Airline in last-ditch attempt to save service

Barrier Air has advised Far North Holdings and the Far North District Council that it intends to withdraw its daily flight between Kaitaia and Auckland at the end of January unless it can boost the number of people using the service.

The airline has introduced a raft of new flexible fares from $99 each way in a bid to do this and these are available on its website (www.barrierair.kiwi) now.
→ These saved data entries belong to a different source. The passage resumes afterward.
(* Let $X$ be a real reflexive Banach space and $\varepsilon\in[0,2)$. Then a functional $f\in X^*\setminus\{\theta\}$ is $\varepsilon$-smooth (as an element of the normed space $X^*$) if and only if $\operatorname{diam} M_f^+\le\varepsilon$, where $M_f^+=\{x\in S_X: f(x)=\|f\|\}$.
   Context: For a normed space $Z$ and $z\in Z\setminus\{\theta\}$, $J(z)=\{\phi\in S_{Z^*}:\phi(z)=\|z\|\}$, and $z$ is called $\varepsilon$-smooth if $\operatorname{diam}J(z)\le\varepsilon$, where $\operatorname{diam}A=\sup_{a,b\in A}\|a-b\|$. Here this is applied with $Z=X^*$, so $J(f)\subset S_{X^{**}}$. $S_X$ denotes the unit sphere of $X$. *)

From HB Require Import structures.
From mathcomp Require Import all_boot all_order all_algebra.
From mathcomp Require Import all_classical all_reals all_analysis.
Set Implicit Arguments. Unset Strict Implicit. Unset Printing Implicit Defensive.
Import Order.TTheory GRing.Theory Num.Theory.
Import numFieldNormedType.Exports.
Local Open Scope classical_set_scope.
Local Open Scope ring_scope.

Section Duals.
Variables (R : realType) (X : normedModType R).

Definition is_dual (f : X -> R) : Prop :=
  (forall (a : R) (x y : X), f (a *: x + y) = a * f x + f y) /\ continuous f.

Definition dnorm (f : X -> R) : R :=
  sup [set `|f x| | x in [set x : X | `|x| <= 1]].

(* X^** : continuous (w.r.t. dnorm) linear functionals on X^*, represented as
   functions (X -> R) -> R; only their values on X^* matter. *)
Definition is_bidual (P : (X -> R) -> R) : Prop :=
  (forall (a : R) (f g : X -> R), is_dual f -> is_dual g ->
      P (fun x => a * f x + g x) = a * P f + P g) /\
  (forall f, is_dual f -> forall e : R, 0 < e -> exists2 d : R, 0 < d &
      forall g, is_dual g -> dnorm (fun x => g x - f x) < d -> `|P g - P f| < e).

Definition ddnorm (P : (X -> R) -> R) : R :=
  sup [set `|P f| | f in [set f | is_dual f /\ dnorm f <= 1]].

Definition Jset (f : X -> R) : set ((X -> R) -> R) :=
  [set P | is_bidual P /\ ddnorm P = 1 /\ P f = dnorm f].

Definition diam_bidual (A : set ((X -> R) -> R)) : \bar R :=
  ereal_sup [set r | exists P Q, [/\ A P, A Q & r = (ddnorm (fun f => P f - Q f))%:E]].

Definition eps_smooth (eps : R) (f : X -> R) : Prop :=
  (diam_bidual (Jset f) <= eps%:E)%E.

Definition diam (A : set X) : \bar R :=
  ereal_sup [set r | exists x y, [/\ A x, A y & r = (`|x - y|)%:E]].

Definition Mplus (f : X -> R) : set X := [set x | `|x| = 1 /\ f x = dnorm f].

Definition reflexive_space : Prop :=
  forall P, is_bidual P -> exists x : X, forall f, is_dual f -> P f = f x.

End Duals.

From HB Require Import structures.
From mathcomp Require Import all_boot all_order all_algebra.
From mathcomp Require Import all_classical all_reals all_analysis.
From mathcomp Require Import ring lra.
Set Implicit Arguments. Unset Strict Implicit. Unset Printing Implicit Defensive.
Import Order.TTheory GRing.Theory Num.Theory.
Import numFieldNormedType.Exports.
Local Open Scope classical_set_scope.
Local Open Scope ring_scope.

(* Under reflexivity every Phi in J(f) is evaluation at some x, and that x lies
   in M_f^+; conversely evaluation at a point of M_f^+ lies in J(f). By
   Hahn-Banach, evaluation X -> X^** is an isometry, so J(f) is an isometric
   copy of M_f^+ and the two diameters coincide. Hahn-Banach, in the form of a norm-one
   functional attaining the norm at a given point, is obtained by Zorn's lemma
   on graphs of partial linear functionals dominated by the norm. *)

Section BidualEmbedding.
Variables (R : realType) (X : normedModType R).

Definition linear_functional (f : X -> R) :=
  forall (a : R) (x y : X), f (a *: x + y) = a * f x + f y.

Definition dominated_graph (G : set (X * R)) :=
  (forall a x r y s, G (x, r) -> G (y, s) -> G (a *: x + y, a * r + s)) /\
  (forall x r, G (x, r) -> r <= `|x|).

Lemma dominated_graph00 G x r : dominated_graph G -> G (x, r) -> G (0, 0).
Proof.
move=> [lin _] Gxr; have := lin (-1) x r x r Gxr Gxr.
by rewrite scaleN1r mulN1r !addNr.
Qed.

Lemma dominated_graphZ G a x r :
  dominated_graph G -> G (x, r) -> G (a *: x, a * r).
Proof.
move=> domG Gxr; have := domG.1 a x r 0 0 Gxr (dominated_graph00 domG Gxr).
by rewrite !addr0.
Qed.

Lemma dominated_graph_functional G x r s :
  dominated_graph G -> G (x, r) -> G (x, s) -> r = s.
Proof.
move=> [lin dom] Gr Gs.
have := dom _ _ (lin (-1) x r x s Gr Gs); have := dom _ _ (lin (-1) x s x r Gs Gr).
rewrite scaleN1r addNr normr0 !mulN1r; lra.
Qed.

Lemma dominated_graph_directed U :
  (forall p q, U p -> U q ->
     exists2 K, dominated_graph K /\ K `<=` U & K p /\ K q) ->
  dominated_graph U.
Proof.
move=> directed; split.
- move=> a x r y s Up Uq; have [K [[lin _] KU] [Kp Kq]] := directed _ _ Up Uq.
  exact/KU/lin.
- by move=> x r Up; have [K [[_ dom] _] [Kp _]] := directed _ _ Up Up; apply: dom.
Qed.

Lemma dominated_chain_union (L : set (X * R)) (F : set (set (X * R))) :
  dominated_graph L -> F `<=` [set G | dominated_graph (G `|` L)] ->
  total_on F subset -> dominated_graph (\bigcup_(G in F) G `|` L).
Proof.
move=> domL domF totF; apply: dominated_graph_directed.
pose F' := F `|` [set set0].
have F'_dom G : F' G ->
    dominated_graph (G `|` L) /\ G `|` L `<=` \bigcup_(G in F) G `|` L.
  case=> [FG|->]; split.
  - exact: domF.
  - by move=> p [Gp|Lp]; [left; exists G|right].
  - by rewrite set0U.
  - by rewrite set0U => p Lp; right.
have F'_cover p : (\bigcup_(G in F) G `|` L) p -> exists2 G, F' G & (G `|` L) p.
  by case=> [[G FG Gp]|Lp]; [exists G; left | exists set0; [right|right]].
have F'_total : total_on F' subset.
  move=> A B [FA|->] [FB|->]; [exact: totF|right|left|left]; exact: sub0set.
move=> p q /F'_cover[G1 F'G1 G1p] /F'_cover[G2 F'G2 G2q].
have [G12|G21] := F'_total _ _ F'G1 F'G2.
- by exists (G2 `|` L); [exact: F'_dom | split=> //; apply: setSU G12 _ G1p].
- by exists (G1 `|` L); [exact: F'_dom | split=> //; apply: setSU G21 _ G2q].
Qed.

Definition graph_extension (H : set (X * R)) (w : X) (c : R) : set (X * R) :=
  [set (p.1 + t *: w, p.2 + t * c) | p in H & t in [set: R]].

(* The one-step extension of Hahn-Banach: c is squeezed between
   sup (r - |x - w|) and inf (|y + w| - s) over the graph. *)
Lemma dominated_graph_extension H w :
  dominated_graph H -> H (0, 0) -> exists c, dominated_graph (graph_extension H w c).
Proof.
move=> domH H00; have [lin dom] := domH.
pose L := [set p.2 - `|p.1 - w| | p in H].
have L_mem x r : H (x, r) -> L (r - `|x - w|) by move=> Hxr; exists (x, r).
have L_ub y s : H (y, s) -> ubound L (`|y + w| - s).
  move=> Hys _ [[x r] Hxr <-] /=.
  have := dom _ _ (lin 1 x r y s Hxr Hys); rewrite scale1r mul1r.
  have := ler_normD (x - w) (y + w); rewrite addrACA addNr addr0; lra.
have L_ne : L !=set0 := ex_intro _ _ (L_mem _ _ H00).
clearbody L.
have c_bound y s : H (y, s) -> `|s + sup L| <= `|y + w|.
  move=> Hys; rewrite ler_norml; apply/andP; split; last first.
    by have := ge_sup L_ne (L_ub _ _ Hys); lra.
  have H_neg := dominated_graphZ (-1) domH Hys.
  have := ub_le_sup (ex_intro _ _ (L_ub _ _ H00)) (L_mem _ _ H_neg).
  by rewrite scaleN1r mulN1r -(opprD y w) normrN; lra.
exists (sup L); split.
- move=> a _ _ _ _ [[x r] Hxr [t _ [<- <-]]] [[y s] Hys [u _ [<- <-]]] /=.
  exists (a *: x + y, a * r + s); first exact: lin.
  exists (a * t + u) => //=; congr pair.
    by rewrite scalerDr scalerDl scalerA addrACA.
  by rewrite mulrDr mulrDl mulrA addrACA.
- move=> _ _ [[x r] Hxr [t _ [<- <-]]] /=.
  have [->|t0] := eqVneq t 0; first by rewrite scale0r mul0r !addr0; exact: dom.
  have -> : x + t *: w = t *: (t^-1 *: x + w).
    by rewrite scalerDr scalerA divff // scale1r.
  have -> : r + t * sup L = t * (t^-1 * r + sup L).
    by rewrite mulrDr mulrA divff // mul1r.
  apply: le_trans (ler_norm _) _; rewrite normrM normrZ ler_wpM2l //.
  by apply: c_bound; apply: dominated_graphZ domH Hxr.
Qed.

Definition norm_line (z : X) : set (X * R) := range (fun a : R => (a *: z, a * `|z|)).

Lemma dominated_norm_line z : dominated_graph (norm_line z).
Proof.
split=> [a x r y s [b _ [<- <-]] [c _ [<- <-]]|x r [b _ [<- <-]]].
- by exists (a * b + c) => //; rewrite scalerDl scalerA mulrDl mulrA.
- by rewrite normrZ ler_wpM2r // ler_norm.
Qed.

Lemma norming_functional z : exists2 g : X -> R,
  linear_functional g /\ (forall x, `|g x| <= `|x|) & g z = `|z|.
Proof.
have domL := dominated_norm_line z.
have [A [domH Amax]] := Zorn_bigcup (fun F => dominated_chain_union (F := F) domL).
set H := A `|` norm_line z in domH.
have H00 : H (0, 0) by right; exists 0 => //; rewrite scale0r mul0r.
have H_total w : exists r, H (w, r).
  apply: contrapT => Hw; have [c domE] := dominated_graph_extension w domH H00.
  have HE : H `<=` graph_extension H w c.
    move=> [x r] Hxr; exists (x, r) => //; exists 0 => //.
    by rewrite scale0r mul0r !addr0.
  apply: (Amax (graph_extension H w c)); last first.
    by rewrite /= (setUidl (subset_trans (@subsetUr _ A _) HE)).
  split; first exact: subset_trans (@subsetUl _ A _) HE.
  move=> EA; apply: Hw; exists c; left; apply: EA.
  by exists (0, 0) => //; exists 1 => //; rewrite scale1r mul1r !add0r.
pose g w := xget 0 [set r | H (w, r)].
have gH w : H (w, g w) := xgetPex 0 (H_total w).
have [linH normH] := domH.
exists g; first split.
- move=> a x y; apply: dominated_graph_functional domH (gH _) _.
  exact: linH _ _ _ _ _ (gH x) (gH y).
- move=> x; rewrite ler_norml (normH _ _ (gH x)) andbT lerNl -normrN.
  by apply: normH; have := dominated_graphZ (-1) domH (gH x); rewrite scaleN1r mulN1r.
- apply: dominated_graph_functional domH (gH z) _.
  by right; exists 1; rewrite ?scale1r ?mul1r.
Qed.

Lemma linear_functional0 (f : X -> R) : linear_functional f -> f 0 = 0.
Proof. by move=> linf; have := linf 1 0 0; rewrite scale1r addr0 mul1r; lra. Qed.

Lemma linear_functionalZ (f : X -> R) a x : linear_functional f -> f (a *: x) = a * f x.
Proof. by move=> linf; rewrite -[a *: x]addr0 linf linear_functional0 // addr0. Qed.

Lemma linear_functionalB (f : X -> R) x y : linear_functional f -> f (x - y) = f x - f y.
Proof. by move=> linf; rewrite addrC -scaleN1r linf mulN1r addrC. Qed.

Lemma dual_sub (f g : X -> R) : is_dual f -> is_dual g -> is_dual (fun x => f x - g x).
Proof.
move=> [linf cf] [ling cg]; split=> [a x y|x]; first by rewrite linf ling; ring.
exact: continuousB (cf x) (cg x).
Qed.

Lemma dual0 : is_dual (fun _ : X => 0).
Proof. by split=> [*|]; [rewrite mulr0 addr0 | exact: cst_continuous]. Qed.

Lemma dual_bounded (f : X -> R) : is_dual f -> exists M, forall x, `|f x| <= M * `|x|.
Proof.
move=> [linf cf].
have [d /= d0 small] := nbhs_norm0P.1 (cvgr_dist_lt _ _ (cf 0) _ ltr01).
exists (2 / d) => x; have [->|x0] := eqVneq x 0.
  by rewrite linear_functional0 // !normr0 mulr0.
have nx0 : 0 < `|x| by rewrite normr_gt0.
have d2 : d / 2 < d by lra.
pose k := d / 2 / `|x|; have k0 : 0 < k by rewrite !divr_gt0.
have kx : `|k *: x| = d / 2 by rewrite normrZ gtr0_norm // divfK ?gt_eqF.
have := small (k *: x); rewrite /= kx linear_functional0 // sub0r normrN.
rewrite linear_functionalZ // normrM gtr0_norm // => /(_ d2).
rewrite -ltr_pdivlMl // mulr1 => /ltW; congr (_ <= _).
by rewrite /k !invf_div mulrC.
Qed.

Lemma dnorm_ub (f : X -> R) x : is_dual f -> `|f x| <= dnorm f * `|x|.
Proof.
move=> duf; have [linf _] := duf; have [M boundM] := dual_bounded duf.
have bnd : has_ubound [set `|f y| | y in [set y : X | `|y| <= 1]].
  exists `|M| => _ [y y1 <-]; apply: le_trans (boundM y) _.
  by apply: le_trans (ler_wpM2r (normr_ge0 _) (ler_norm M)) _; rewrite ler_piMr.
have [->|x0] := eqVneq x 0; first by rewrite linear_functional0 // !normr0 mulr0.
have nx0 : 0 < `|x| by rewrite normr_gt0.
have unit_x : `| `|x|^-1 *: x| <= 1 by rewrite normrZ normfV normr_id mulVf ?gt_eqF.
have := ub_le_sup bnd (ex_intro2 _ _ (`|x|^-1 *: x) unit_x erefl).
by rewrite linear_functionalZ // normrM normfV normr_id mulrC ler_pdivrMr.
Qed.

Lemma dnorm_le_bound (f : X -> R) M :
  0 <= M -> (forall x, `|f x| <= M * `|x|) -> dnorm f <= M.
Proof.
move=> M0 boundM; apply: ge_sup; first by exists `|f 0|, 0 => //=; rewrite normr0.
by move=> _ [x x1 <-]; apply: le_trans (boundM x) _; rewrite ler_piMr.
Qed.

Lemma contraction_continuous (g : X -> R) :
  linear_functional g -> (forall x, `|g x| <= `|x|) -> continuous g.
Proof.
move=> ling gle x; apply/cvgrPdist_lt => e e0.
near=> y; rewrite -linear_functionalB //; apply: le_lt_trans (gle _) _.
near: y; exact: cvgr_dist_lt.
Unshelve. all: by end_near.
Qed.

Lemma norming_dual z : exists2 g : X -> R, is_dual g /\ dnorm g <= 1 & g z = `|z|.
Proof.
have [g [ling gle] gz] := norming_functional z.
exists g => //; split; first by split=> //; exact: contraction_continuous.
by apply: dnorm_le_bound => // x; rewrite mul1r.
Qed.

Definition eval_at (x : X) (g : X -> R) : R := g x.

Lemma eval_at_bidual x : is_bidual (eval_at x).
Proof.
split=> // f duf e e0; exists (e / (`|x| + 1)); first by rewrite divr_gt0 // ltr_wpDl.
move=> g dug gf_lt; rewrite /eval_at -[g x - f x]/((fun y => g y - f y) x).
apply: le_lt_trans (dnorm_ub x (dual_sub dug duf)) _.
apply: le_lt_trans (ler_wpM2r (normr_ge0 x) (ltW gf_lt)) _.
by rewrite mulrAC ltr_pdivrMr ?ltr_wpDl // ltr_pM2l //; lra.
Qed.

Lemma ddnorm_eq_norm (P : (X -> R) -> R) x :
  (forall g, is_dual g -> P g = g x) -> ddnorm P = `|x|.
Proof.
move=> Px.
have ub : ubound [set `|P g| | g in [set g | is_dual g /\ dnorm g <= 1]] `|x|.
  move=> _ [g [dug g1] <-]; rewrite Px //.
  by apply: le_trans (dnorm_ub x dug) _; rewrite ler_piMl.
apply/eqP; rewrite eq_le; apply/andP; split.
  apply: ge_sup ub; exists `|P (fun _ => 0)|, (fun _ => 0) => //.
  split; first exact: dual0.
  by apply: dnorm_le_bound => // y; rewrite normr0 mul1r.
have [g [dug g1] gx] := norming_dual x.
have <- : `|P g| = `|x| by rewrite Px // gx normr_id.
by rewrite /ddnorm; apply: ub_le_sup; [exists `|x| | exists g].
Qed.

Lemma ddnorm_sub_eq_norm (P Q : (X -> R) -> R) x y :
  (forall g, is_dual g -> P g = g x) -> (forall g, is_dual g -> Q g = g y) ->
  ddnorm (fun g => P g - Q g) = `|x - y|.
Proof.
move=> Px Qy; apply: ddnorm_eq_norm => g dug.
by have [ling _] := dug; rewrite Px // Qy // linear_functionalB.
Qed.

Lemma Mplus_Jset (f : X -> R) x : Mplus f x -> Jset f (eval_at x).
Proof.
move=> [x1 fx]; split; first exact: eval_at_bidual.
by rewrite (@ddnorm_eq_norm _ x).
Qed.

Lemma Jset_Mplus (f : X -> R) P : reflexive_space X -> is_dual f -> Jset f P ->
  exists2 x, Mplus f x & forall g, is_dual g -> P g = g x.
Proof.
move=> refl duf [bidP [P1 Pf]]; have [x Px] := refl P bidP.
by exists x => //; split; [rewrite -(ddnorm_eq_norm Px) | rewrite -Px].
Qed.

Lemma diam_bidual_Jset (f : X -> R) : reflexive_space X -> is_dual f ->
  diam_bidual (Jset f) = diam (Mplus f).
Proof.
move=> refl duf; congr ereal_sup; apply/seteqP; split=> r.
- move=> [P [Q [JP JQ ->]]].
  have [x Mx Px] := Jset_Mplus refl duf JP; have [y My Qy] := Jset_Mplus refl duf JQ.
  by exists x, y; rewrite (ddnorm_sub_eq_norm Px Qy).
- move=> [x [y [Mx My ->]]]; exists (eval_at x), (eval_at y).
  split; [exact: Mplus_Jset | exact: Mplus_Jset |].
  by rewrite (@ddnorm_sub_eq_norm _ _ x y).
Qed.

End BidualEmbedding.

Theorem lemma2p4 (R : realType) (X : completeNormedModType R) (eps : R)
  (heps0 : 0 <= eps) (heps2 : eps < 2) (hrefl : reflexive_space X)
  (f : X -> R) (hf : is_dual f) (hf0 : f <> (fun _ => 0)) :
  eps_smooth eps f <-> (diam (Mplus f) <= eps%:E)%E.
Proof. by rewrite /eps_smooth diam_bidual_Jset. Qed.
Non-flexible tickets purchased two weeks before travel now cost $99.00 each way, partially-flexible fares cost $179 each way and cost $30 to change, while fully-flexible tickets cost $199.00 per leg.

All tickets purchased, whether flexible or non-flexible, will be fully refunded if the service is closed down. 

The airline budgeted on filling at least half the seats on each flight but has not been meeting this target since it started the service in April this year. It says it is losing a substantial amount of money each month on the service and cannot afford to do so for much longer.

Barrier Air chief executive Michael Foster said he was prepared to hold on for another four months to see if the situation changed with the onset of the summer tourism season.

“We’re hoping there will be a boost to traffic with people travelling to visit friends and family and with a greater number of tourists flying into the region,” Mr Foster said.

The airline will introduce its new Cessna Caravan onto the route. This is a more spacious, newer and economical aircraft than the Piper Chieftain it has been using to date.

It will also be introducing flexible fares and a range of special and discounted ticket prices in an attempt to grow the number of Northlanders using the service.

“We’ve heard those people who have said that our fares are too expensive. But the truth of the matter is that we set them at the lowest possible point we could, on the basis that we would be operating at about 50 percent over winter and spring,” Mr Foster said.

“Now that we’re entering summer we want to see if we can grow the Kaitaia to Auckland service to reasonable levels. And if we can’t I’m afraid we’re just going to have to pull the pin.”

The company has worked closely with Far North District Council’s commercial arm and Kaitaia Airport operator Far North Holdings to drum up business since it started operating the route. Far North Holdings funded a ‘Use it or Lose it’ advertising campaign over winter and Far North mayor John Carter has called repeatedly for people to support the service.

“All of us at Council are deeply concerned about this threat to the service,” Mr Carter said. “As I have said on many occasions, the very Far North desperately needs a regular commuter air service between Kaitaia and Auckland, for a host of different reasons.

“Both Council and Far North Holdings will continue to work with and to support Barrier Air to the very best of our ability but, at the end of the day, they’re not a charity and if the route is not commercially viable then we understand and we will have to roll with that punch.”

Barrier Air will continue to operate medical flights between Whangarei and Kaitaia as part of a commercial arrangement it has with the Northland District Health Board.